TASK DIRECTIONS: Give again, word for word, every line in the entries below from the line with "gh pi' = S'." up to and including the line with "have last_lt : (n.-1", and no other line.

PROVIDED INFORMATION:
(* In any run of multi-agent dual policy iteration (defined in the context), let $\pi_h$ and $\pi$ denote the joint safety policy and the joint task policy at the end of an outer iteration. Then $$\{x\in\mathcal X: V_h^{\pi}(x)\ge0\}=\{x\in\mathcal X: V_h^{\pi_h}(x)\ge0\}=S_{\rm c}^{\rm new}.$$ These sets are non-decreasing with respect to inclusion across outer iterations. If the joint safety policies converge to $\pi_h^*$ (e.g. under the tie-breaking convention, in which case they are eventually constant), these sets eventually equal $S_{\rm c}^*:=\{x: V_h^{\pi_h^*}(x)\ge0\}$.
   Context: Setting. Let $\mathcal N=\{1,\dots,n\}$ be a finite set of agents, $\mathcal X$ a finite state space, $\mathcal U_i$ a finite action set for agent $i$, $\mathcal U=\prod_{i=1}^n\mathcal U_i$ the joint action space, $f:\mathcal X\times\mathcal U\to\mathcal X$ the deterministic dynamics, $r:\mathcal X\times\mathcal U\to\mathbb R$ a reward, $h:\mathcal X\to\mathbb R$ a constraint function, and $\gamma,\gamma_h\in(0,1)$ discount factors. An individual policy of agent $i$ is a map $\pi_i:\mathcal X\to\mathcal U_i$. A joint policy is $\pi=(\pi_1,\dots,\pi_n)$, with $\pi(x)=(\pi_1(x),\dots,\pi_n(x))$. For a joint action $u$ and an agent $i$, $(u_i',u_{-i})$ denotes $u$ with its $i$-th component replaced by $u_i'$. Safety value function. For a joint policy $\pi$, set $V_h^{\pi}(x)=\min_{t\in\mathbb N}\gamma_h^{t+1}h(x_t)$, where $x_0=x$ and $x_{t+1}=f(x_t,\pi(x_t))$. Value function. Along the same trajectory, set $V^{\pi}(x)=\sum_{t\ge0}\gamma^t r(x_t,\pi(x_t))$. Controlled invariant set. $S_{\rm c}^{\pi}=\{x: V_h^{\pi}(x)\ge0\}$. Invariant action set. For a joint policy $\pi_h$, a state $x$, and actions $u_{-i}$ of the agents other than $i$, set $\mathcal U_i^{\pi_h}(x,u_{-i})=\{u_i\in\mathcal U_i: V_h^{\pi_h}(f(x,(u_i,u_{-i})))\ge0\}$. Safety update step. Given the current joint safety policy $\pi_h$ and an ordering $i_1,\dots,i_n$ of $\mathcal N$: for each $x$ and $j=1,\dots,n$ in turn, replace $\pi_{h,i_j}(x)$ by an element of $\arg\max_{v\in\mathcal U_{i_j}}V_h^{\pi_h^{\rm old}}(f(x,w))$. Here $V_h^{\pi_h^{\rm old}}$ is computed for the policy before this step, and $w$ has component $i_j$ equal to $v$, components of earlier agents equal to their already-updated actions, and components of later agents equal to their old actions. Multi-agent dual policy iteration. Start from an initial joint safety policy $\pi_h$, an arbitrary initial joint task policy $\pi$, and $S_{\rm c}=\varnothing$. Each outer iteration consists of: (1) apply the safety update step $K\ge1$ times to $\pi_h$; (2) compute $V^{\pi}$ for the current task policy $\pi$; (3) for every $x\in\mathcal X\setminus S_{\rm c}$, set $\pi(x)\leftarrow\pi_h(x)$; (4) set $S_{\rm c}^{\rm new}=S_{\rm c}^{\pi_h}$; (5) choose an ordering $i_1,\dots,i_n$. For each $x\in S_{\rm c}^{\rm new}$ and $j=1,\dots,n$ in turn, set $$\pi^{\rm new}_{i_j}(x)\in\arg\max_{v\in\mathcal U_{i_j}^{\pi_h}(x,w^{(j)}_{-i_j})}\Big\{r\big(x,(v,w^{(j)}_{-i_j})\big)+\gamma V^{\pi}\big(f(x,(v,w^{(j)}_{-i_j}))\big)\Big\},$$ where $w^{(j)}_{-i_j}$ gives agents $i_l$ with $l<j$ their new actions $\pi^{\rm new}_{i_l}(x)$ and agents $i_l$ with $l>j$ their actions under $\pi$ after step (3). For $x\notin S_{\rm c}^{\rm new}$, $\pi^{\rm new}(x)$ is $\pi(x)$ after step (3). Then set $\pi\leftarrow\pi^{\rm new}$; (6) set $S_{\rm c}\leftarrow S_{\rm c}^{\rm new}$. Tie-breaking convention. In every argmax, if the agent's current action is a maximizer, it is selected. Otherwise, a maximizer is selected by a fixed deterministic rule. *)

From HB Require Import structures.
From mathcomp Require Import all_boot all_order all_algebra all_fingroup.
From mathcomp Require Import all_classical all_reals all_analysis.
Set Implicit Arguments. Unset Strict Implicit. Unset Printing Implicit Defensive.
Import Order.TTheory GRing.Theory Num.Theory.
Local Open Scope ring_scope.

Section MADPI.
Variables (R : realType) (n : nat) (X : finType) (U : 'I_n -> finType).

Definition jact := forall i : 'I_n, U i.
Definition jpol := X -> jact.

(* (v, u_{-i}) : u with its i-th component replaced by v *)
Definition upd (u : jact) (i : 'I_n) (v : U i) : jact :=
  fun j => match i =P j with
           | ReflectT e => eq_rect i U v j e
           | ReflectF _ => u j
           end.

Variables (f : X -> jact -> X) (r : X -> jact -> R) (h : X -> R).

Definition traj (pi : jpol) (x : X) (t : nat) : X :=
  iter t (fun y => f y (pi y)) x.

Definition Vh (gh : R) (pi : jpol) (x : X) : R :=
  inf (range (fun t : nat => gh ^+ t.+1 * h (traj pi x t))).

Definition Vr (g : R) (pi : jpol) (x : X) : R :=
  limn (fun N : nat =>
          \sum_(0 <= t < N) (g ^+ t * r (traj pi x t) (pi (traj pi x t)))).

Definition Sc (gh : R) (pi : jpol) : {set X} := [set x | 0 <= Vh gh pi x].

Definition is_argmax (A : finType) (P : pred A) (F : A -> R) (a : A) : Prop :=
  P a /\ forall b, P b -> F b <= F a.

(* the context w^{(j)}: agents i_l (l < j) take their new actions, the others
   their old ones; the ordering is i_l = s l *)
Definition mixw (s : {perm 'I_n}) (j : 'I_n) (new old : jact) : jact :=
  fun i => if ((s^-1)%g i < j)%N then new i else old i.

Definition safety_step (gh : R) (s : {perm 'I_n}) (pih pih' : jpol) : Prop :=
  forall (x : X) (j : 'I_n),
    is_argmax predT
      (fun v : U (s j) => Vh gh pih (f x (upd (mixw s j (pih' x) (pih x)) v)))
      (pih' x (s j)).

Definition outer_step (g gh : R) (K : nat)
    (pih pi : jpol) (S : {set X}) (pih' pi' : jpol) (S' : {set X}) : Prop :=
  (exists p : nat -> jpol,
      p 0%N = pih /\ p K = pih' /\
      forall m, (m < K)%N -> exists s, safety_step gh s (p m) (p m.+1)) /\
  (* (2),(3),(5): V^pi of the task policy before (3); pi3 = pi after (3) *)
  let pi3 : jpol := fun x => if x \in S then pi x else pih' x in
  S' = Sc gh pih' /\
  exists s : {perm 'I_n},
    forall x : X,
      (x \in S' ->
         forall j : 'I_n,
           is_argmax
             (fun v : U (s j) =>
                0 <= Vh gh pih' (f x (upd (mixw s j (pi' x) (pi3 x)) v)))
             (fun v : U (s j) =>
                r x (upd (mixw s j (pi' x) (pi3 x)) v)
                + g * Vr g pi (f x (upd (mixw s j (pi' x) (pi3 x)) v)))
             (pi' x (s j))) /\
      (x \notin S' -> forall i, pi' x i = pi3 x i).

(* a run: pihs k, pis k, Ss k are the safety policy, task policy and S_c after
   k outer iterations (k = 0: initial values, S_c = empty) *)
Definition madpi_run (g gh : R) (K : nat)
    (pihs pis : nat -> jpol) (Ss : nat -> {set X}) : Prop :=
  Ss 0%N = finset.set0 /\
  forall k, outer_step g gh K (pihs k) (pis k) (Ss k)
                              (pihs k.+1) (pis k.+1) (Ss k.+1).

End MADPI.

From HB Require Import structures.
From mathcomp Require Import all_boot all_order all_algebra all_fingroup.
From mathcomp Require Import all_classical all_reals all_analysis.
Import Order.TTheory GRing.Theory Num.Theory.
Set Implicit Arguments. Unset Strict Implicit. Unset Printing Implicit Defensive.
Local Open Scope ring_scope.

(* Since 0 < gh <= 1, V_h^pi(x) >= 0 iff h stays nonnegative along the
   pi-trajectory of x, so S_c^pi is the largest pi-invariant set on which
   h >= 0.  In a safety update each agent in turn maximises V_h^{old} at the
   successor state, so V_h^{old}(f(x, pi_h'(x))) >= V_h^{old}(f(x, pi_h(x))):
   S_c^{old} is invariant under the new policy, which gives monotonicity.
   The task policy is confined to S_c^{pi_h} by the invariant action sets and
   coincides with pi_h outside it; a state outside S_c^{pi_h} that is safe for
   the task policy would be safe for pi_h as well, because the task trajectory
   follows pi_h until it enters S_c^{pi_h}. *)

Section JointActions.
Variables (n : nat) (U : 'I_n -> finType).

Definition mixn (s : {perm 'I_n}) (m : nat) (new old : jact U) : jact U :=
  fun i => if ((s^-1)%g i < m)%N then new i else old i.

Lemma upd_id (u : jact U) (i : 'I_n) : upd u (u i) = u.
Proof.
apply: functional_extensionality_dep => k; rewrite /upd.
by case: eqP => [e|//]; destruct e.
Qed.

Lemma upd_mixw (s : {perm 'I_n}) (j : 'I_n) (new old : jact U) :
  upd (mixw s j new old) (new (s j)) = mixn s j.+1 new old.
Proof.
apply: functional_extensionality_dep => k; rewrite /upd /mixw /mixn.
case: eqP => [e|ne]; first by destruct e; rewrite /= permK ltnSn.
have ne_rank : ((s^-1)%g k == j :> nat) = false.
  by apply/negbTE/eqP => /val_inj e; apply: ne; rewrite -e permKV.
by rewrite ltnS (leq_eqVlt ((s^-1)%g k)) ne_rank.
Qed.

Lemma mixn0 s (new old : jact U) : mixn s 0 new old = old.
Proof. by apply: functional_extensionality_dep => k; rewrite /mixn ltn0. Qed.

Lemma mixn_all s (new old : jact U) : mixn s n new old = new.
Proof. by apply: functional_extensionality_dep => k; rewrite /mixn ltn_ord. Qed.

Lemma jact0_eq (u v : jact U) : n = 0%N -> u = v.
Proof.
move=> n0; apply: functional_extensionality_dep => i.
by have := ltn_ord i; rewrite {2}n0.
Qed.

End JointActions.

Section SafeSet.
Variables (R : realType) (n : nat) (X : finType) (U : 'I_n -> finType).
Variables (f : X -> jact U -> X) (r : X -> jact U -> R) (h : X -> R) (gh : R).

Lemma traj_succ (pi : jpol X U) x t : traj f pi (f x (pi x)) t = traj f pi x t.+1.
Proof. by rewrite /traj iterSr. Qed.

Lemma safety_step_Vh_le s (pih pih' : jpol X U) x :
  safety_step f h gh s pih pih' ->
  Vh f h gh pih (f x (pih x)) <= Vh f h gh pih (f x (pih' x)).
Proof.
move=> step; rewrite -(mixn_all s (pih' x) (pih x)).
suff prefix_le : forall m, (m <= n)%N ->
  Vh f h gh pih (f x (pih x)) <= Vh f h gh pih (f x (mixn s m (pih' x) (pih x))).
  exact: prefix_le.
elim=> [_|m IH lt_mn]; first by rewrite mixn0.
apply: (le_trans (IH (ltnW lt_mn))).
have [_ best] := step x (Ordinal lt_mn).
set w := mixw s _ (pih' x) (pih x) in best.
by have := best (w (s (Ordinal lt_mn))) isT; rewrite upd_id upd_mixw.
Qed.

Hypotheses (gh_gt0 : 0 < gh) (gh_le1 : gh <= 1).

Lemma Vh_ge0P pi x : 0 <= Vh f h gh pi x <-> forall t, 0 <= h (traj f pi x t).
Proof.
rewrite /Vh; set E := range (fun t => _); split => [Vh_ge0 t|h_ge0].
- have E_lb : has_lbound E.
    exists (- \sum_y `|h y|) => _ [t' _ <-].
    suff : `|gh ^+ t'.+1 * h (traj f pi x t')| <= \sum_y `|h y|.
      by rewrite ler_norml => /andP[].
    rewrite normrM normrX (ger0_norm (ltW gh_gt0)).
    apply: (le_trans (y := `|h (traj f pi x t')|)).
      by rewrite ler_piMl // exprn_ile1 // ltW.
    by rewrite (bigD1 (traj f pi x t')) //= lerDl sumr_ge0.
  have := le_trans Vh_ge0 (ge_inf E_lb (ex_intro2 _ _ t I erefl)).
  by rewrite pmulr_rge0 // exprn_gt0.
- apply: lb_le_inf; first by exists (gh ^+ 1 * h (traj f pi x 0)), 0%N.
  by move=> _ [t _ <-]; rewrite mulr_ge0 // exprn_ge0 // ltW.
Qed.

Lemma inScP pi x : reflect (forall t, 0 <= h (traj f pi x t)) (x \in Sc f h gh pi).
Proof. by rewrite inE; apply: (iffP idP) => /Vh_ge0P. Qed.

Lemma Sc_ge0 pi x : x \in Sc f h gh pi -> 0 <= h x.
Proof. by move/inScP/(_ 0%N). Qed.

Lemma Sc_closed pi x : x \in Sc f h gh pi -> f x (pi x) \in Sc f h gh pi.
Proof. by move/inScP => safe; apply/inScP => t; rewrite traj_succ. Qed.

Lemma sub_Sc (pi : jpol X U) (S : {set X}) :
  {in S, forall x, 0 <= h x /\ f x (pi x) \in S} -> S \subset Sc f h gh pi.
Proof.
move=> invS; apply/fintype.subsetP => x xS; apply/inScP => t.
suff /invS[] : traj f pi x t \in S by [].
by elim: t => [//|t IH]; exact: (invS _ IH).2.
Qed.

Lemma safety_step_Sc_sub s pih pih' :
  safety_step f h gh s pih pih' -> Sc f h gh pih \subset Sc f h gh pih'.
Proof.
move=> step; apply: sub_Sc => x safe; split; first exact: Sc_ge0 safe.
rewrite inE (le_trans _ (safety_step_Vh_le x step)) //.
by have := Sc_closed safe; rewrite inE.
Qed.

Lemma safety_steps_Sc_sub K (p : nat -> jpol X U) :
  (forall m, (m < K)%N -> exists s, safety_step f h gh s (p m) (p m.+1)) ->
  Sc f h gh (p 0%N) \subset Sc f h gh (p K).
Proof.
move=> steps; elim: K steps => [//|K IH steps].
apply: fintype.subset_trans (IH (fun m lt_mK => steps m (ltnW lt_mK))) _.
by have [s step] := steps K (ltnSn K); exact: safety_step_Sc_sub step.
Qed.

Lemma Sc_patch (pi pih : jpol X U) :
  {in [predC Sc f h gh pih], pi =1 pih} ->
  {in Sc f h gh pih, forall x, f x (pi x) \in Sc f h gh pih} ->
  Sc f h gh pi = Sc f h gh pih.
Proof.
move=> off_eq closed; apply/eqP; rewrite finset.eqEsubset; apply/andP; split; last first.
  by apply: sub_Sc => x safe; split; [exact: Sc_ge0 safe | exact: closed].
apply/fintype.subsetP => x safe; apply/inScP => t; elim: t x safe => [|t IH] x safe.
  exact: Sc_ge0 safe.
have [safe_h|unsafe_h] := boolP (x \in Sc f h gh pih); first exact: inScP.
by rewrite -traj_succ -off_eq //; apply/IH/Sc_closed.
Qed.

Lemma outer_step_Sc_sub g K pih pi S pih' pi' S' :
  outer_step f r h g gh K pih pi S pih' pi' S' -> Sc f h gh pih \subset S'.
Proof.
by move=> [[p [<- [<- steps]]] [-> _]]; exact: safety_steps_Sc_sub.
Qed.

Lemma outer_step_task_Sc g K pih pi S pih' pi' S' :
  outer_step f r h g gh K pih pi S pih' pi' S' -> S \subset S' -> Sc f h gh pi' = S'.
Proof.
move=> [_ [-> [s task]]] sub; apply: Sc_patch => x.
  rewrite inE => unsafe; apply: functional_extensionality_dep => i.
  rewrite (task x).2 //=; case: ifP => // xS.
  by rewrite (fintype.subsetP sub x xS) in unsafe.
move=> safe; have [n0|n_gt0] := posnP n.
  by rewrite (jact0_eq (pi' x) (pih' x) n0); exact: Sc_closed.
(* For the last agent in the ordering, the updated context is [pi' x] itself. *)
have last_lt : (n.-1 < n)%N by rewrite ltn_predL.
have [keeps_safe _] := (task x).1 safe (Ordinal last_lt).
by rewrite inE; move: keeps_safe; rewrite upd_mixw /= prednK // mixn_all.
Qed.

End SafeSet.

Theorem proposition3 (R : realType) (n : nat) (X : finType)
    (U : 'I_n -> finType) (f : X -> jact U -> X) (r : X -> jact U -> R)
    (h : X -> R) (g gh : R) (K : nat)
    (pihs pis : nat -> jpol X U) (Ss : nat -> {set X}) :
  0 < g < 1 -> 0 < gh < 1 -> (1 <= K)%N ->
  madpi_run f r h g gh K pihs pis Ss ->
  (forall k : nat,
      Sc f h gh (pis k.+1) = Ss k.+1 /\ Sc f h gh (pihs k.+1) = Ss k.+1) /\
  (forall k : nat, Ss k.+1 \subset Ss k.+2) /\
  (forall pih_star : jpol X U,
      (exists N, forall k, (N <= k)%N -> forall x i, pihs k x i = pih_star x i) ->
      exists M, forall k, (M <= k)%N -> Ss k.+1 = Sc f h gh pih_star).
Proof.
move=> _ /andP[gh_gt0 /ltW gh_le1] _ [S0 run].
have Ss_Sc k : Ss k.+1 = Sc f h gh (pihs k.+1) by have [_ [-> _]] := run k.
have Ss_mono k : Ss k \subset Ss k.+1.
  case: k => [|k]; first by rewrite S0 finset.sub0set.
  by rewrite Ss_Sc; exact: outer_step_Sc_sub (run k.+1).
split; [|split => //].
  move=> k; split; last by rewrite Ss_Sc.
  exact: (outer_step_task_Sc gh_gt0 gh_le1 (run k)) (Ss_mono k).
move=> pih_star [N pihs_eq]; exists N => k le_Nk.
rewrite Ss_Sc; congr Sc; apply: functional_extensionality_dep => x.
by apply: functional_extensionality_dep; apply: pihs_eq; rewrite leqW.
Qed.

ANSWER FOR THIS EXERCISE:
  outer_step f r h g gh K pih pi S pih' pi' S' -> S \subset S' -> Sc f h gh pi' = S'.
Proof.
move=> [_ [-> [s task]]] sub; apply: Sc_patch => x.
  rewrite inE => unsafe; apply: functional_extensionality_dep => i.
  rewrite (task x).2 //=; case: ifP => // xS.
  by rewrite (fintype.subsetP sub x xS) in unsafe.
move=> safe; have [n0|n_gt0] := posnP n.
  by rewrite (jact0_eq (pi' x) (pih' x) n0); exact: Sc_closed.
(* For the last agent in the ordering, the updated context is [pi' x] itself. *)
have last_lt : (n.-1 < n)%N by rewrite ltn_predL.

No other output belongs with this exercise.